[Start of Attachment]
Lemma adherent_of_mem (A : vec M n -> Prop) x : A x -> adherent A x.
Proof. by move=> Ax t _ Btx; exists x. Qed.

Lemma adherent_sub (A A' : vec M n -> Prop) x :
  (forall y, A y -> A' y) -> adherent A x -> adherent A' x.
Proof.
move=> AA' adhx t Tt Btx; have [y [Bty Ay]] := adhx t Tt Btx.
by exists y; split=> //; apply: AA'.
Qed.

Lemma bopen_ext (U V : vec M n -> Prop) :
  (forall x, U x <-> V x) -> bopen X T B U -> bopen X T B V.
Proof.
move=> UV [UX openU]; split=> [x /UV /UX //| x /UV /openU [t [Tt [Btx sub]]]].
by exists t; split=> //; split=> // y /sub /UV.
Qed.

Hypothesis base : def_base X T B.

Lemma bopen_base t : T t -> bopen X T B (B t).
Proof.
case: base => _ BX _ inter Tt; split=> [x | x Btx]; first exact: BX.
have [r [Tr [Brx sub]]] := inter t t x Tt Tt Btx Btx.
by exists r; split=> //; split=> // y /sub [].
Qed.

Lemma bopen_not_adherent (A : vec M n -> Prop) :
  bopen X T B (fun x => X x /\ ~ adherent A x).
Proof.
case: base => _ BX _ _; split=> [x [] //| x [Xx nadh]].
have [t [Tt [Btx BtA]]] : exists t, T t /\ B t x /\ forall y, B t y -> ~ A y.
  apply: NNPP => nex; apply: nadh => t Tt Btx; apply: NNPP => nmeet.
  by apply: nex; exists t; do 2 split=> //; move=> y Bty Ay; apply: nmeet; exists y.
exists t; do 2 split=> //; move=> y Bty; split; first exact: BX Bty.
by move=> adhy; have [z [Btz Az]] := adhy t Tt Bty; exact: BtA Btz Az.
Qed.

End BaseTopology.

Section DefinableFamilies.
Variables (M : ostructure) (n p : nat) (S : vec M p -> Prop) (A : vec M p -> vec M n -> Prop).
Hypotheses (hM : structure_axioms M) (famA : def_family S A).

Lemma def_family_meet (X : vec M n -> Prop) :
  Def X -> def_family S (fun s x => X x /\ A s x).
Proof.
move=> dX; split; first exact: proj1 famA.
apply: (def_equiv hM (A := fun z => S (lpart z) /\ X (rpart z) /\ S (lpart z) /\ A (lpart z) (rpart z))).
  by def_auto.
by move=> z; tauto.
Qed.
[End of Attachment]
[Start of Attachment]
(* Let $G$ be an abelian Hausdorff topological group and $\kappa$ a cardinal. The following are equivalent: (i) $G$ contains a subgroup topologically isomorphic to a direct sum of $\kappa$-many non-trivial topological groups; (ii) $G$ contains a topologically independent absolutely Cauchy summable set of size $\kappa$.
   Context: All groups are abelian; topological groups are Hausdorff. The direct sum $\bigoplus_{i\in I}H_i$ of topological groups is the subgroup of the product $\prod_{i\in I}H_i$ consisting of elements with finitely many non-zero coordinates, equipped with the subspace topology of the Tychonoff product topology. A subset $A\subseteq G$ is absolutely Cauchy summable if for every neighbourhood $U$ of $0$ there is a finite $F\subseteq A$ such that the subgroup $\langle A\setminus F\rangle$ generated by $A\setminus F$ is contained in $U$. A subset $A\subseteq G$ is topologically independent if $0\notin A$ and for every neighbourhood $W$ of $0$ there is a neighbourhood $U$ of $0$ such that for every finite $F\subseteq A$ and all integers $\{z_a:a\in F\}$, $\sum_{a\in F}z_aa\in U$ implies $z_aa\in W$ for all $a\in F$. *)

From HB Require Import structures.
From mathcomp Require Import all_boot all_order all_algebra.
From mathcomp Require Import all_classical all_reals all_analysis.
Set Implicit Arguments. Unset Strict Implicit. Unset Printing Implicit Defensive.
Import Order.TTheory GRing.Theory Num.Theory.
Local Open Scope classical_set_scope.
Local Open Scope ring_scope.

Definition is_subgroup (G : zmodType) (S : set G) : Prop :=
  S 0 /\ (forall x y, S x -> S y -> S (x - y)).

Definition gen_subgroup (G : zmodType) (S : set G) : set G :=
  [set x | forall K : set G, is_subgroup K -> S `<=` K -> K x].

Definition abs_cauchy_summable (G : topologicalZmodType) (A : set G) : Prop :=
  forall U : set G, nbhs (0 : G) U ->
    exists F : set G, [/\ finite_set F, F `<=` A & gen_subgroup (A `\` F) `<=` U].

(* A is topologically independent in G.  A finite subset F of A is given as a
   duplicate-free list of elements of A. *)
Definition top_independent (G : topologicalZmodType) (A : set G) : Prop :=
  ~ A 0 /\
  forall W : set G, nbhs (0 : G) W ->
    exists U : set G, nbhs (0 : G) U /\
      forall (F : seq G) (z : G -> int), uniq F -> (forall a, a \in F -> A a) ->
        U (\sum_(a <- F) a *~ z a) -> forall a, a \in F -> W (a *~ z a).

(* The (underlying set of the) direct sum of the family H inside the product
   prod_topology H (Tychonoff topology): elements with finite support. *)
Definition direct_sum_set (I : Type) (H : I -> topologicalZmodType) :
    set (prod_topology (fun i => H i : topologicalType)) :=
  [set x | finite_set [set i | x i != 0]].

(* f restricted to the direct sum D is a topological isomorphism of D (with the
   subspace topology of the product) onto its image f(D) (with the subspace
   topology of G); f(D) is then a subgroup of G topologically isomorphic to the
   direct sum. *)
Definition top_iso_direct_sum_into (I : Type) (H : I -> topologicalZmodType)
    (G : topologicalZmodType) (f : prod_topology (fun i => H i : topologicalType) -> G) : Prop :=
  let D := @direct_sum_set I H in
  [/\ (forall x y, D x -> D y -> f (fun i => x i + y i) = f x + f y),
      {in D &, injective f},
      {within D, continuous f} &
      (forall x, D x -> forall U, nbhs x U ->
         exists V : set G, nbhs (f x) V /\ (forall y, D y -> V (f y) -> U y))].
[End of Attachment]
Using the data above, extract exactly the lines from the one that holds "by exists r;" to the one that holds "case: base => _ BX _ _;", both ends included, and no others.

• **Answer to this task**:
by exists r; split=> //; split=> // y /sub [].
Qed.

Lemma bopen_not_adherent (A : vec M n -> Prop) :
  bopen X T B (fun x => X x /\ ~ adherent A x).
Proof.
case: base => _ BX _ _; split=> [x [] //| x [Xx nadh]].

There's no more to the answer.